(* Let $K>1$, $M\ge1$, and define $\tilde{\bm{\psi}}^M:\mathbb{R}^{K+M}\to\mathbb{R}^{K+M}$ by $$\tilde{\psi}^M_y(\bm{u})=\frac{\exp(u_y)}{\sum_{y'=1}^K\exp(u_{y'})}\ \ (1\le y\le K),\qquad \tilde{\psi}^M_y(\bm{u})=\frac{\exp(u_y)}{\sum_{y'=1}^{K}\exp(u_{y'})+\exp(u_y)-\max_{y'\in\{1,\dots,K\}}\exp(u_{y'})}\ \ (K+1\le y\le K+M).$$ Then for every $\bm{u}\in\mathbb{R}^{K+M}$: (i) $\tilde{\bm{\psi}}^M(\bm{u})\in\Delta^K\times[0,1]^M$; (ii) $\mathop{\rm argmax}_{y\in\{1,\dots,K+M\}}\tilde{\psi}^M_y(\bm{u})=\mathop{\rm argmax}_{y\in\{1,\dots,K+M\}}u_y$.
   Context: $\Delta^K$ is the probability simplex in $\mathbb{R}^K$; $\Delta^K\times[0,1]^M$ means the first $K$ coordinates lie in $\Delta^K$ and each of the last $M$ lies in $[0,1]$. This is the multi-expert version of the asymmetric softmax, with one extra coordinate per expert. *)

From HB Require Import structures.
From mathcomp Require Import all_boot all_order all_algebra.
From mathcomp Require Import all_classical all_reals all_analysis.
Set Implicit Arguments. Unset Strict Implicit. Unset Printing Implicit Defensive.
Import Order.TTheory GRing.Theory Num.Theory.
Local Open Scope ring_scope.

Section Psi.
Variables (R : realType) (K M : nat).

Definition sumexpK (u : 'I_(K + M) -> R) : R :=
  \sum_(i < K) expR (u (lshift M i)).

(* max_{y' in 1..K} exp(u_{y'}); the fold starts at 0, which is harmless
   since every exp value is > 0 and K > 1 (nonempty range). *)
Definition maxexpK (u : 'I_(K + M) -> R) : R :=
  \big[Num.max/0]_(i < K) expR (u (lshift M i)).

(* The multi-expert asymmetric softmax psi~^M. Indices 0..K-1 are the K
   classes, indices K..K+M-1 the M extra coordinates. *)
Definition psiM (u : 'I_(K + M) -> R) (y : 'I_(K + M)) : R :=
  match fintype.split y with
  | inl _ => expR (u y) / sumexpK u
  | inr _ => expR (u y) / (sumexpK u + expR (u y) - maxexpK u)
  end.

Definition in_simplex_box (p : 'I_(K + M) -> R) : Prop :=
  (forall i : 'I_K, 0 <= p (lshift M i)) /\
  \sum_(i < K) p (lshift M i) = 1 /\
  (forall j : 'I_M, 0 <= p (rshift K j) <= 1).

End Psi.

Definition argmax (R : realType) (T : finType) (f : T -> R) : {set T} :=
  [set y | [forall y', f y' <= f y]].

(** Let [E y = exp u_y], let [S] and [m] be the sum and the maximum of [E]
    over the [K] classes, and [a = S - m], which is positive because [K > 1].
    Every coordinate is at most [e^(u_y) / (a + e^(u_y))], a strictly increasing
    function of [u_y]: a class coordinate is [E y / (a + m)] with [E y <= m],
    and an extra coordinate is exactly this value.  Equality holds as soon as
    [u_y] reaches the best class score, which pins the maximizers of the
    softmax to those of [u]. *)

From mathcomp Require Import all_boot all_order all_algebra.
From mathcomp Require Import all_classical all_reals all_analysis.
Import Order.TTheory GRing.Theory Num.Theory.
Local Open Scope ring_scope.

Section ArgmaxMajorant.
Context {R : realType} {T : finType} {p u : T -> R} {h : R -> R} (y0 : T).
Hypothesis h_mono : {mono h : x y / x <= y}.
Hypothesis p_le : forall y, p y <= h (u y).
Hypothesis p_eq : forall y, u y0 <= u y -> p y = h (u y).

Lemma argmax_majorant : argmax p = argmax u.
Proof.
apply/setP => y; rewrite !inE; apply/forallP/forallP => max_y y'.
- have y0_le_y : u y0 <= u y.
    by rewrite -h_mono -p_eq // (le_trans (max_y y0)).
  have [y0_le_y'|/ltW y'_le_y0] := leP (u y0) (u y'); last exact: le_trans y'_le_y0 y0_le_y.
  by rewrite -h_mono -p_eq // -p_eq.
- by rewrite (p_eq _ (max_y y0)) (le_trans (p_le y')) // h_mono.
Qed.

End ArgmaxMajorant.

Lemma term_lt_sum {R : numDomainType} {I : finType} (F : I -> R) (i j : I) :
  i != j -> (forall k, 0 < F k) -> F i < \sum_k F k.
Proof.
move=> ij F_gt0; rewrite (bigD1 i) //= ltrDl (bigD1 j) /=; last by rewrite eq_sym.
by rewrite ltr_pwDl // sumr_ge0 // => k _; exact/ltW.
Qed.

Lemma term_le_sum {R : numDomainType} {I : finType} (F : I -> R) (i : I) :
  (forall k, 0 <= F k) -> F i <= \sum_k F k.
Proof. by move=> F_ge0; rewrite (bigD1 i) //= lerDl sumr_ge0. Qed.

Definition shifted_logistic {R : realType} (a x : R) : R := expR x / (a + expR x).

Lemma shifted_logistic_mono {R : realType} (a : R) : 0 < a ->
  {mono shifted_logistic a : x y / x <= y}.
Proof.
move=> a_gt0 x y; rewrite /shifted_logistic -[x <= y]ler_expR.
have [ex_gt0 ey_gt0] := (expR_gt0 x, expR_gt0 y).
rewrite ler_pdivrMr ?addr_gt0 // mulrAC ler_pdivlMr ?addr_gt0 //.
by rewrite !mulrDr (mulrC (expR y) (expR x)) lerD2r ler_pM2r.
Qed.

Section Psi.
Context {R : realType} {K M : nat} (u : 'I_(K + M) -> R).

Local Notation E i := (expR (u i)).
Local Notation S := (sumexpK u).
Local Notation m := (maxexpK u).

Lemma psiM_lshift (i : 'I_K) : psiM u (lshift M i) = E (lshift M i) / S.
Proof. by rewrite /psiM -[lshift M i]/(unsplit (inl i)) unsplitK. Qed.

Lemma psiM_rshift (j : 'I_M) :
  psiM u (rshift K j) = E (rshift K j) / (S + E (rshift K j) - m).
Proof. by rewrite /psiM -[rshift K j]/(unsplit (inr j)) unsplitK. Qed.

Lemma sumexpK_ge0 : 0 <= S.
Proof. by rewrite sumr_ge0 // => i _; exact/ltW/expR_gt0. Qed.

Lemma le_sumexpK (i : 'I_K) : E (lshift M i) <= S.
Proof. by apply: term_le_sum => k; exact/ltW/expR_gt0. Qed.

Lemma le_maxexpK (i : 'I_K) : E (lshift M i) <= m.
Proof. exact: le_bigmax. Qed.

Lemma maxexpK_attained : (0 < K)%N -> exists i : 'I_K, m = E (lshift M i).
Proof.
move=> K_gt0; have [i _ max_i] := eq_bigmax (x := 0) (Ordinal K_gt0) xpredT
  (fun i => E (lshift M i)) isT (fun i _ => ltW (expR_gt0 _)).
by exists i; exact: max_i.
Qed.

Lemma maxexpK_le_sumexpK : m <= S.
Proof.
by apply: bigmax_le sumexpK_ge0 _ => i _; exact: le_sumexpK.
Qed.

Lemma maxexpK_lt_sumexpK : (1 < K)%N -> m < S.
Proof.
move=> K_gt1; have [i ->] := maxexpK_attained (ltnW K_gt1).
pose j : 'I_K := if val i == 0%N then Ordinal K_gt1 else Ordinal (ltnW K_gt1).
apply: (term_lt_sum _ i j) => [|k]; last exact: expR_gt0.
by rewrite /j -val_eqE; case: ifP => /eqP i0 /=; [rewrite i0 | apply/eqP].
Qed.

Lemma in_simplex_box_psiM : (0 < K)%N -> in_simplex_box (psiM u).
Proof.
move=> K_gt0; have S_gt0 := lt_le_trans (expR_gt0 _) (le_sumexpK (Ordinal K_gt0)).
split; [|split].
- by move=> i; rewrite psiM_lshift divr_ge0 // ltW // expR_gt0.
- under eq_bigr do rewrite psiM_lshift.
  by rewrite -mulr_suml divff // gt_eqF.
- move=> j; have E_gt0 := expR_gt0 (u (rshift K j)).
  have gap_ge0 : 0 <= S - m by rewrite subr_ge0 maxexpK_le_sumexpK.
  have den_gt0 : 0 < S + E (rshift K j) - m by rewrite addrAC ltr_wpDl.
  rewrite psiM_rshift ler_pdivrMr // mul1r divr_ge0 ?(ltW E_gt0) ?(ltW den_gt0) //=.
  by rewrite addrAC lerDr.
Qed.

Lemma psiM_le_shifted_logistic (y : 'I_(K + M)) :
  psiM u y <= shifted_logistic (S - m) (u y).
Proof.
rewrite /shifted_logistic; case: (split_ordP y) => [i|j] ->; last first.
  by rewrite psiM_rshift addrAC.
have E_gt0 := expR_gt0 (u (lshift M i)).
have S_gt0 := lt_le_trans E_gt0 (le_sumexpK i).
have den_gt0 : 0 < S - m + E (lshift M i).
  by rewrite ltr_wpDl // subr_ge0 maxexpK_le_sumexpK.
rewrite psiM_lshift ler_pM2l // lef_pV2 ?posrE //.
by rewrite -addrA gerDl addrC subr_le0 le_maxexpK.
Qed.

Lemma psiM_eq_shifted_logistic (y : 'I_(K + M)) :
  m <= E y -> psiM u y = shifted_logistic (S - m) (u y).
Proof.
rewrite /shifted_logistic; case: (split_ordP y) => [i|j] -> m_le; last first.
  by rewrite psiM_rshift addrAC.
have E_eq_m : E (lshift M i) = m by apply/eqP; rewrite eq_le le_maxexpK.
by rewrite psiM_lshift E_eq_m subrK.
Qed.

End Psi.

Theorem proposition2 (R : realType) (K M : nat) (hK : (1 < K)%N) (hM : (1 <= M)%N)
  (u : 'I_(K + M) -> R) :
  in_simplex_box (psiM u) /\ argmax (psiM u) = argmax u.
Proof.
split; first exact: in_simplex_box_psiM u (ltnW hK).
have [i0 m_def] := maxexpK_attained u (ltnW hK).
apply: (argmax_majorant (lshift M i0) _ (psiM_le_shifted_logistic u)).
- by apply: shifted_logistic_mono; rewrite subr_gt0 maxexpK_lt_sumexpK.
- by move=> y y0_le_y; rewrite psiM_eq_shifted_logistic // m_def ler_expR.
Qed.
○ ○ ○ ○ ○
### [Instructions for the task]
Beginning with the line containing "(forall k, 0 <= F k) -> F i <= \sum_k F k." in the material above, copy every line exactly until you have copied the line containing "move=> K_gt0; have [i".

### [Solution]
  (forall k, 0 <= F k) -> F i <= \sum_k F k.
Proof. by move=> F_ge0; rewrite (bigD1 i) //= lerDl sumr_ge0. Qed.

Definition shifted_logistic {R : realType} (a x : R) : R := expR x / (a + expR x).

Lemma shifted_logistic_mono {R : realType} (a : R) : 0 < a ->
  {mono shifted_logistic a : x y / x <= y}.
Proof.
move=> a_gt0 x y; rewrite /shifted_logistic -[x <= y]ler_expR.
have [ex_gt0 ey_gt0] := (expR_gt0 x, expR_gt0 y).
rewrite ler_pdivrMr ?addr_gt0 // mulrAC ler_pdivlMr ?addr_gt0 //.
by rewrite !mulrDr (mulrC (expR y) (expR x)) lerD2r ler_pM2r.
Qed.

Section Psi.
Context {R : realType} {K M : nat} (u : 'I_(K + M) -> R).

Local Notation E i := (expR (u i)).
Local Notation S := (sumexpK u).
Local Notation m := (maxexpK u).

Lemma psiM_lshift (i : 'I_K) : psiM u (lshift M i) = E (lshift M i) / S.
Proof. by rewrite /psiM -[lshift M i]/(unsplit (inl i)) unsplitK. Qed.

Lemma psiM_rshift (j : 'I_M) :
  psiM u (rshift K j) = E (rshift K j) / (S + E (rshift K j) - m).
Proof. by rewrite /psiM -[rshift K j]/(unsplit (inr j)) unsplitK. Qed.

Lemma sumexpK_ge0 : 0 <= S.
Proof. by rewrite sumr_ge0 // => i _; exact/ltW/expR_gt0. Qed.

Lemma le_sumexpK (i : 'I_K) : E (lshift M i) <= S.
Proof. by apply: term_le_sum => k; exact/ltW/expR_gt0. Qed.

Lemma le_maxexpK (i : 'I_K) : E (lshift M i) <= m.
Proof. exact: le_bigmax. Qed.

Lemma maxexpK_attained : (0 < K)%N -> exists i : 'I_K, m = E (lshift M i).
Proof.
move=> K_gt0; have [i _ max_i] := eq_bigmax (x := 0) (Ordinal K_gt0) xpredT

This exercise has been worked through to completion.